Instructions to follow
Using the records below, output the stretch that opens with the line containing "Lemma tail_massS m" and closes with the line containing "Local Notation P := (hs_prob nbrs lam o).", exactly and including both lines, with nothing more.

┌──

(* Let $1 \leq p < +\infty$ and let $\mathbb{P}$ be a Borel probability measure over $\mathbb{R}$ (i.e. a probability measure defined on the Borel $\sigma$-algebra $\mathcal{B}_{\mathbb{R}}$ of $\mathbb{R}$). Then for every real number $M \geq 0$, the set of $M$-sensitive random variables is dense in $L^{p}(\mathbb{R}, \mathcal{B}_{\mathbb{R}}, \mathbb{P})$ with respect to the $L^{p}$-norm: for every $X \in L^{p}(\mathbb{R}, \mathcal{B}_{\mathbb{R}}, \mathbb{P})$ and every $\varepsilon > 0$ there is an $M$-sensitive random variable $Y$ with $\|Y - X\|_{L^{p}(\mathbb{P})} < \varepsilon$.
   Context: A Borel random variable on $\mathbb{R}$ is an $\mathbb{R}$-valued Borel-measurable function defined on $\mathbb{R}$. Given a real number $M \geq 0$, a Borel random variable $Y$ on $\mathbb{R}$ is called $M$-sensitive if and only if $Y \in L^{\infty}(\mathbb{R}, \mathcal{B}_{\mathbb{R}}, \mathbb{P})$, $Y$ is differentiable at Lebesgue-almost every point of $\mathbb{R}$, and $|Y'(x)| > M$ at every point $x$ at which $Y$ is differentiable. *)

From HB Require Import structures.
From mathcomp Require Import all_boot all_order all_algebra.
From mathcomp Require Import all_classical all_reals all_analysis.

Set Implicit Arguments.
Unset Strict Implicit.
Unset Printing Implicit Defensive.
Import Order.TTheory GRing.Theory Num.Theory.
Local Open Scope classical_set_scope.
Local Open Scope ring_scope.

(* A Borel random variable on R is a function R -> R; the measurable space
   structure on R in mathcomp-analysis is the Borel sigma-algebra. *)
Definition M_sensitive (R : realType) (P : probability R R) (M : R)
    (Y : R -> R) : Prop :=
  [/\ Y \in Lfun P +oo%E,
      {ae (@lebesgue_measure R), forall x, derivable Y x 1}
    & forall x : R, derivable Y x 1 -> M < `| derive1 Y x |].

From HB Require Import structures.
From mathcomp Require Import all_boot all_order all_algebra.
From mathcomp Require Import all_classical all_reals all_analysis.
From mathcomp Require Import measurable_realfun ess_sup_inf.
From mathcomp Require Import ring lra zify.
Set Implicit Arguments.
Unset Strict Implicit.
Unset Printing Implicit Defensive.

Import numFieldNormedType.Exports.
Import Order.TTheory GRing.Theory Num.Theory.
Local Open Scope classical_set_scope.
Local Open Scope ring_scope.

(* Approximate X in L^p by a bounded function x |-> G (floor (x / h)),
   constant on the cells [k h, (k + 1) h) of a grid of small mesh h, and add the
   sawtooth L (x - k h) of slope L = M + 1, which moves it by at most L h in sup
   norm.  The sum is bounded, differentiable off the countable grid, and affine
   of slope L to the right of every point, so its derivative is L wherever it
   exists.
   Such grid approximations exist for every small mesh: the Borel sets that are
   close in P-measure to a union of cells for every small mesh form a
   sigma-algebra containing the intervals ]a, b] (only the two boundary cells
   are wrong, and P (]a, a + h[) -> 0 as h -> 0+); this passes to simple
   functions, then to bounded functions, then to L^p functions by truncation
   and dominated convergence. *)

Lemma measurableY d (T : measurableType d) (A B : set T) :
  measurable A -> measurable B -> measurable (A `+` B).
Proof. by move=> mA mB; apply: measurableU; apply: measurableD. Qed.
(* Green's identity: half the energy is the current out of v, which is the
   current into o up to the defect. *)
Lemma flux_relax_ge m : dirichlet_energy (relax m) / 2 - defect m <=
  \sum_(y <- nbrs o | y \in region) cond o y * relax m y.
Proof.
have := sum_mul_lap (relax m); rewrite sum_region_split relax_root relax_v mul0r mul1r add0r.
have := sum_lap (relax m); rewrite sum_region_split.
have -> : lap (relax m) o = - \sum_(y <- nbrs o | y \in region) cond o y * relax m y.
  by rewrite /lap -sumrN; apply: eq_bigr => y _; rewrite relax_root; ring.
have -> : \sum_(x <- region | interior x) lap (relax m) x = - defect m.
  rewrite /defect -sumrN big_seq_cond [RHS]big_seq_cond; apply: eq_bigr => x /andP [xA xI].
  by rewrite lap_relax // -mulrN opprB.
have : \sum_(x <- region | interior x) relax m x * lap (relax m) x <= 0.
  rewrite big_seq_cond; apply: sumr_le0 => x /andP [xA xI]; rewrite lap_relax //.
  apply: mulr_ge0_le0; first by case/andP: (relax_bnd m x).
  by apply: mulr_ge0_le0 (rweight_ge0 x) _; rewrite subr_le0 relax_mono.
lra.
Qed.

Lemma relax_escape : exists u : V -> R, [/\ u o = 0, u v = 1, (forall x, 0 <= u x <= 1),
  (forall x, x != o -> x != v -> (d x < L)%N ->
      u x <= \sum_(y <- nbrs x) hs_prob nbrs lam o x y * u y) &
  (lam - 1) / lam ^+ d v <= \sum_(y <- nbrs o) u y].
Proof.
have dv_gt0 : (0 < d v)%N by rewrite lt0n (gdist_eq0 o Hc).
have lam_dv_gt0 : 0 < lam ^+ d v by rewrite exprn_gt0.
have resist_dv_gt0 := resist_gt0 dv_gt0.
pose eps := (resist (d v))^-1 - (lam - 1) / lam ^+ d v.
have eps_gt0 : 0 < eps.
  by rewrite subr_gt0 ltr_pdivrMr // ltr_pdivlMl // resist_geo ltrBlDr ltrDl.
have [m defect_m] := bounded_sums_small_term eps_gt0 sum_defect_le.
exists (relax m); split; [exact: relax_root | exact: relax_v | exact: relax_bnd | | ].
  move=> x xNo xNv dx; rewrite (sum_hs_probM o Hs Hc Hlam).
  apply: le_trans (relax_mono m x) _.
  by rewrite /= (negbTE xNv) (negbTE xNo) /rweight !sum_region_nbrs.
rewrite -sum_region_nbrs ?(gdist_root o Hc) ?(leq_trans dv_gt0) //.
have -> : \sum_(y <- nbrs o | y \in region) relax m y =
    \sum_(y <- nbrs o | y \in region) cond o y * relax m y.
  by apply: eq_bigr => y _; rewrite (@cond_root _ _ nbrs o lam Hc) mul1r.
have := flux_relax_ge m; have := energy_relax_ge m; move: defect_m; rewrite /eps.
lra.
Qed.

End Escape.

Lemma escape_potential (R : realType) (V : eqType) (nbrs : V -> seq V) (o : V) (lam : R)
    (L : nat) (v : V) :
  simple_graph nbrs -> connected_graph nbrs -> 1 < lam ->
  v != o -> (gdist nbrs o v <= L)%N ->
  exists u : V -> R, [/\ u o = 0, u v = 1, (forall x, 0 <= u x <= 1),
  (forall x, x != o -> x != v -> (gdist nbrs o x < L)%N ->
      u x <= \sum_(y <- nbrs x) hs_prob nbrs lam o x y * u y) &
  (lam - 1) / lam ^+ gdist nbrs o v <= \sum_(y <- nbrs o) u y].
Proof.
move=> Hs Hc Hlam vNo dvL.
have parent_ex w : exists p, w != o -> p \in nbrs w /\ (gdist nbrs o p).+1 = gdist nbrs o w.
  have [->|wNo] := eqVneq w o; first by exists o.
  by have [p pw dp] := gdist_parent Hs Hc wNo; exists p.
have [parent parentP] := choice parent_ex.
exact: (relax_escape Hs Hc Hlam vNo dvL parentP).
Qed.

Section Walks.
Variables (R : realType) (V : eqType) (nbrs : V -> seq V) (o : V) (lam : R).
Hypotheses (Hs : simple_graph nbrs) (Hc : connected_graph nbrs) (Hlam : 1 < lam).
Local Notation w := (walk_weight nbrs lam o).

Lemma size_walks n x s : s \in walks nbrs n x -> size s = n.
Proof.
elim: n x s => [|n IH] x s /=; first by rewrite inE => /eqP ->.
by case/flatten_mapP => y _ /mapP [t t_in ->] /=; rewrite (IH _ _ t_in).
Qed.

Lemma walk_weight_ge0 x s : 0 <= w x s.
Proof.
elim: s x => [|y s IH] x /=; first exact: ler01.
by rewrite mulr_ge0 // (hs_prob_ge0 o Hs Hc Hlam).
Qed.

Lemma hs_Pr_le (E : pred (seq V)) (B : R) :
  (forall M, \sum_(0 <= n < M) \sum_(s <- walks nbrs n o | E s) w o s <= B) ->
  (hs_Pr nbrs lam o E <= B%:E)%E.
Proof.
move=> partial_le; apply: lime_le.
  apply: is_cvg_ereal_nneg_natsum => n _; rewrite lee_fin.
  by apply: sumr_ge0 => s _; apply: walk_weight_ge0.
by apply: nearW => M; rewrite sumEFin lee_fin.
Qed.

Variables (k N : nat).

(* The walk so far has visited [vis], returned [j] times to o and is now at
   [x]; continued by [s] it becomes one of the walks counted by the theorem. *)
Definition good_tail (vis : seq V) (j : nat) (x : V) (s : seq V) : bool :=
  [&& count (pred1 o) s == (k - j)%N, last x s == o, (0 < size s)%N &
      ((size (undup (vis ++ s)))%:R <= N%:R / 4 :> R)].

Definition tail_mass_len n x vis j := \sum_(s <- walks nbrs n x | good_tail vis j x s) w x s.
Definition tail_mass m x vis j := \sum_(0 <= n < m) tail_mass_len n x vis j.

Lemma tail_mass_start m :
  tail_mass m o [:: o] 0 = \sum_(0 <= n < m) \sum_(s <- walks nbrs n o |
    returns_k o k s && ((range_card o s)%:R <= N%:R / 4 :> R)) w o s.
Proof.
apply: eq_bigr => n _; apply: eq_bigl => s.
by rewrite /good_tail /returns_k /range_card subn0 -!andbA.
Qed.

Lemma good_tail_nil vis j x : good_tail vis j x [::] = false.
Proof. by rewrite /good_tail /= !andbF. Qed.

Lemma good_tail_cons vis j x y s : y != o ->
  good_tail vis j x (y :: s) = good_tail (rcons vis y) j y s.
Proof.
move=> yNo; rewrite /good_tail /= -cat_rcons (negbTE yNo).
by case: s => [|z s] /=; rewrite ?(negbTE yNo) ?andbF ?add0n.
Qed.

Lemma good_tail_cons_root vis j x s : (j < k)%N -> (0 < size s)%N ->
  good_tail vis j x (o :: s) = good_tail (rcons vis o) j.+1 o s.
Proof.
move=> jk s_gt0; rewrite /good_tail /= -cat_rcons s_gt0 eqxx add1n.
by rewrite (_ : (k - j)%N = (k - j.+1).+1) ?eqSS //; lia.
Qed.

Lemma tail_mass0 x vis j : tail_mass 0 x vis j = 0.
Proof. by rewrite /tail_mass big_geq. Qed.

Lemma tail_mass_len0 x vis j : tail_mass_len 0 x vis j = 0.
Proof. by rewrite /tail_mass_len /= big_cons big_nil good_tail_nil. Qed.

Lemma tail_mass_lenS n x vis j : (j < k)%N -> tail_mass_len n.+1 x vis j =
  \sum_(y <- nbrs x) hs_prob nbrs lam o x y * (if y == o then
      ((n == 0%N) && (j.+1 == k) && ((size (undup (rcons vis o)))%:R <= N%:R / 4 :> R))%:R
        + tail_mass_len n o (rcons vis o) j.+1
    else tail_mass_len n y (rcons vis y) j).
Proof.
move=> jk; rewrite /tail_mass_len /= big_flatten big_map; apply: eq_bigr => y _.
rewrite big_map -mulr_sumr; congr (_ * _).
have [->|yNo] := eqVneq y o; last by apply: eq_bigl => s; rewrite good_tail_cons.
case: n => [|n].
  rewrite /= !big_cons !big_nil good_tail_nil /good_tail /= eqxx cats1 addn0 !addr0.
  by rewrite (_ : (1 == k - j)%N = (j.+1 == k)); [case: (_ && _) | apply/eqP/eqP; lia].
rewrite add0r big_seq_cond [RHS]big_seq_cond; apply: eq_bigl => s.
case s_in: (s \in walks nbrs n.+1 o) => //.
by rewrite !andTb good_tail_cons_root // (size_walks s_in).
Qed.

Lemma tail_massS m x vis j : (j < k)%N -> tail_mass m.+1 x vis j =
  \sum_(y <- nbrs x) hs_prob nbrs lam o x y * (if y == o then
      ((0 < m)%N && (j.+1 == k) && ((size (undup (rcons vis o)))%:R <= N%:R / 4 :> R))%:R
        + tail_mass m o (rcons vis o) j.+1
    else tail_mass m y (rcons vis y) j).
Proof.
move=> jk; rewrite /tail_mass big_nat_recl // tail_mass_len0 add0r.
under eq_bigr do rewrite tail_mass_lenS //.
rewrite exchange_big /=; apply: eq_bigr => y _; rewrite -mulr_sumr; congr (_ * _).
case: (y == o) => //; rewrite big_split /=; congr (_ + _).
case: m => [|m]; first by rewrite !big_geq.
by rewrite big_nat_recl //= big1 ?addr0.
Qed.

Lemma tail_mass_done m vis j : (k <= j)%N -> tail_mass m o vis j = 0.
Proof.
move=> kj; rewrite /tail_mass big1 // => n _; rewrite /tail_mass_len big1 // => s.
rewrite /good_tail (eqP (_ : k - j == 0)%N) ?subn_eq0 //.
case/and4P => no_ret /eqP s_last s_gt0 _; exfalso.
have : o \in s by rewrite -s_last; case: s s_gt0 {no_ret s_last} => //= z s _; exact: mem_last.
by rewrite -has_pred1 has_count (eqP no_ret).
Qed.

Lemma tail_mass_big m x vis j :
  N%:R / 4 < (size (undup vis))%:R :> R -> tail_mass m x vis j = 0.
Proof.
move=> vis_big; rewrite /tail_mass big1 // => n _; rewrite /tail_mass_len big1 // => s.
by case/and4P => _ _ _; rewrite leNgt (lt_le_trans vis_big) // ler_nat size_undup_cat.
Qed.

End Walks.

Definition gain (R : realType) : R := 1 - expR (-1).

Lemma gain_bnd (R : realType) : 0 <= gain R <= 1.
Proof.
rewrite /gain subr_ge0 expR_le1 oppr_le0 ler01 /= lerBlDr lerDl.
exact/ltW/expR_gt0.
Qed.

Lemma gain_ge (R : realType) : 3 / 8 <= gain R.
Proof.
have e_ge2 : 2 <= expR (1 : R) by have := expR_ge1Dx (1 : R).
have : (expR (1 : R))^-1 <= 2^-1 by rewrite lef_pV2 ?posrE ?expR_gt0.
by rewrite /gain expRN; lra.
Qed.

Section Potential.
Variables (R : realType) (V : eqType) (nbrs : V -> seq V) (o : V) (lam : R).
Hypotheses (Hs : simple_graph nbrs) (Hc : connected_graph nbrs) (Hlam : 1 < lam).
Local Notation d := (gdist nbrs o).
Local Notation P := (hs_prob nbrs lam o).
Variables (k N L r : nat) (U : V -> V -> R) (q : R).
Local Notation tail_mass := (tail_mass nbrs o lam k N).
Local Notation gain := (gain R).

Definition ball_r := undup (Defs.ball nbrs o r).

Hypothesis U_bnd : forall v x, 0 <= U v x <= 1.
Hypothesis U_escape : forall v, v \in ball_r -> v != o ->
  [/\ U v o = 0, U v v = 1,
      (forall x, x != o -> x != v -> (d x < L)%N -> U v x <= \sum_(y <- nbrs x) P x y * U v y) &
      q <= \sum_(y <- nbrs o) P o y * U v y].
Hypothesis N_gt1 : (1 < N)%N.
Hypothesis N_le_ball : (N <= size ball_r)%N.

Definition beta : R := 1 - gain * q.
Definition seen (vis : seq V) := count (mem vis) ball_r.
Definition seen_decay (vis : seq V) : R := expR (- (seen vis)%:R).
Definition excursion_factor (j : nat) : R := expR (N%:R / 4) * beta ^+ (k - j).

(* Away from o, the last factor accounts for the chance, at least [U v x], of
   visiting the unseen vertex [v] of [ball_r] before the next return to o,
   which would multiply [seen_decay] by [1 - gain] = 1/e. *)
Definition potential x vis j v : R :=
  if x == o then excursion_factor j * seen_decay vis
  else excursion_factor j.+1 * seen_decay vis * (1 - (v \notin vis)%:R * gain * U v x).

Lemma ball_r_nontrivial : exists2 v, v \in ball_r & v != o.
Proof.
suff /hasP [v vB vNo] : has (predC1 o) ball_r by exists v.
apply: contraTT N_gt1 => /hasPn ball_r_o.
rewrite -leqNgt (leq_trans N_le_ball) // -(size_nseq 1 o); apply: uniq_leq_size.
  exact: undup_uniq.
by move=> z /ball_r_o /negPn; rewrite inE.
Qed.

Lemma beta_ge0 : 0 <= beta.
Proof.
have [v vB vNo] := ball_r_nontrivial; have [_ _ _ q_le] := U_escape vB vNo.
have q_le1 : q <= 1.
  apply: le_trans q_le (le_trans _ (sum_hs_prob_le1 o Hs Hc Hlam o)).
  apply: ler_sum => y _; rewrite ler_piMr ?(hs_prob_ge0 o Hs Hc Hlam) //.
  by case/andP: (U_bnd v y).
have [gain_ge0 gain_le1] := andP (gain_bnd R).
by rewrite subr_ge0 (le_trans (ler_wpM2l gain_ge0 q_le1)) // mulr1.
Qed.

Lemma excursion_factor_ge0 j : 0 <= excursion_factor j.
Proof. by rewrite mulr_ge0 ?exprn_ge0 ?beta_ge0 // ltW // expR_gt0. Qed.

Lemma excursion_factorS j : (j < k)%N -> excursion_factor j = excursion_factor j.+1 * beta.
Proof. by move=> jk; rewrite /excursion_factor -mulrA -exprSr; congr (_ * _ ^+ _); lia. Qed.

Lemma seen_decay_gt0 vis : 0 < seen_decay vis.
Proof. exact: expR_gt0. Qed.

Lemma seen_decay_le vis vis' : (seen vis <= seen vis')%N -> seen_decay vis' <= seen_decay vis.
Proof. by move=> le; rewrite ler_expR lerN2 ler_nat. Qed.

Lemma seen_rcons_le vis y : (seen vis <= seen (rcons vis y))%N.
Proof. by apply: sub_count => z /=; rewrite mem_rcons inE => ->; rewrite orbT. Qed.

Lemma seen_rcons_in vis y : y \in vis -> seen (rcons vis y) = seen vis.
Proof. by move=> yv; apply: eq_count => z /=; rewrite mem_rcons inE; case: eqP => // ->. Qed.

Lemma seen_rcons_new vis y : y \in ball_r -> y \notin vis -> seen (rcons vis y) = (seen vis).+1.
Proof.
move=> yB yNv; rewrite /seen (eq_count (a2 := predU (pred1 y) (mem vis))) => [|z]; last first.
  by rewrite /= mem_rcons inE.
have := count_predUI (pred1 y) (mem vis) ball_r.
have -> : count (predI (pred1 y) (mem vis)) ball_r = 0%N.
  apply/eqP; rewrite -leqn0 leqNgt -has_count.
  by apply/hasP => -[z _ /andP [/eqP -> yv]]; exact: negP yNv yv.
by rewrite count_uniq_mem ?undup_uniq // yB addn0 add1n.
Qed.

Lemma seen_le_size vis : (seen vis <= size (undup vis))%N.
Proof.
rewrite /seen -size_filter; apply: uniq_leq_size; first by rewrite filter_uniq ?undup_uniq.
by move=> z; rewrite mem_filter mem_undup => /andP [].
Qed.

Lemma damping_ge0 v (vis : seq V) x : 0 <= 1 - (v \notin vis)%:R * gain * U v x.
Proof.
have [a0 a1] := andP (gain_bnd R); have [u0 u1] := andP (U_bnd v x).
rewrite subr_ge0; case: (v \notin vis); rewrite ?mul0r ?ler01 // mul1r.
by rewrite -[1]mul1r ler_pM.
Qed.

Lemma potential_ge0 x vis j v : 0 <= potential x vis j v.
Proof.
have E := ltW (seen_decay_gt0 vis); rewrite /potential; case: (x == o).
  exact: mulr_ge0 (excursion_factor_ge0 _) E.
exact: mulr_ge0 (mulr_ge0 (excursion_factor_ge0 _) E) (damping_ge0 _ _ _).
Qed.

Lemma damping_step_new v vis y K : v \in ball_r -> v != o -> v \notin vis -> 0 <= K ->
  K * seen_decay (rcons vis y) * (1 - (v \notin rcons vis y)%:R * gain * U v y)
    <= K * seen_decay vis * (1 - gain * U v y).
Proof.
move=> vB vNo vNvis K_ge0; have [_ U_vv _ _] := U_escape vB vNo.
have [->|yNv] := eqVneq y v.
  rewrite mem_rcons inE eqxx /= !mul0r subr0 mulr1 U_vv mulr1.
  rewrite /seen_decay seen_rcons_new // -addn1 natrD opprD expRD -mulrA ler_wpM2l //.
  by rewrite /gain opprB addrC subrK.
rewrite mem_rcons inE eq_sym (negbTE yNv) (negbTE vNvis) /= mul1r.
apply: ler_wpM2r; first by have := damping_ge0 v [::] y; rewrite /= mul1r.
by apply/ler_wpM2l/seen_decay_le/seen_rcons_le.
Qed.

└──

Written reply
Lemma tail_massS m x vis j : (j < k)%N -> tail_mass m.+1 x vis j =
  \sum_(y <- nbrs x) hs_prob nbrs lam o x y * (if y == o then
      ((0 < m)%N && (j.+1 == k) && ((size (undup (rcons vis o)))%:R <= N%:R / 4 :> R))%:R
        + tail_mass m o (rcons vis o) j.+1
    else tail_mass m y (rcons vis y) j).
Proof.
move=> jk; rewrite /tail_mass big_nat_recl // tail_mass_len0 add0r.
under eq_bigr do rewrite tail_mass_lenS //.
rewrite exchange_big /=; apply: eq_bigr => y _; rewrite -mulr_sumr; congr (_ * _).
case: (y == o) => //; rewrite big_split /=; congr (_ + _).
case: m => [|m]; first by rewrite !big_geq.
by rewrite big_nat_recl //= big1 ?addr0.
Qed.

Lemma tail_mass_done m vis j : (k <= j)%N -> tail_mass m o vis j = 0.
Proof.
move=> kj; rewrite /tail_mass big1 // => n _; rewrite /tail_mass_len big1 // => s.
rewrite /good_tail (eqP (_ : k - j == 0)%N) ?subn_eq0 //.
case/and4P => no_ret /eqP s_last s_gt0 _; exfalso.
have : o \in s by rewrite -s_last; case: s s_gt0 {no_ret s_last} => //= z s _; exact: mem_last.
by rewrite -has_pred1 has_count (eqP no_ret).
Qed.

Lemma tail_mass_big m x vis j :
  N%:R / 4 < (size (undup vis))%:R :> R -> tail_mass m x vis j = 0.
Proof.
move=> vis_big; rewrite /tail_mass big1 // => n _; rewrite /tail_mass_len big1 // => s.
by case/and4P => _ _ _; rewrite leNgt (lt_le_trans vis_big) // ler_nat size_undup_cat.
Qed.

End Walks.

Definition gain (R : realType) : R := 1 - expR (-1).

Lemma gain_bnd (R : realType) : 0 <= gain R <= 1.
Proof.
rewrite /gain subr_ge0 expR_le1 oppr_le0 ler01 /= lerBlDr lerDl.
exact/ltW/expR_gt0.
Qed.

Lemma gain_ge (R : realType) : 3 / 8 <= gain R.
Proof.
have e_ge2 : 2 <= expR (1 : R) by have := expR_ge1Dx (1 : R).
have : (expR (1 : R))^-1 <= 2^-1 by rewrite lef_pV2 ?posrE ?expR_gt0.
by rewrite /gain expRN; lra.
Qed.

Section Potential.
Variables (R : realType) (V : eqType) (nbrs : V -> seq V) (o : V) (lam : R).
Hypotheses (Hs : simple_graph nbrs) (Hc : connected_graph nbrs) (Hlam : 1 < lam).
Local Notation d := (gdist nbrs o).
Local Notation P := (hs_prob nbrs lam o).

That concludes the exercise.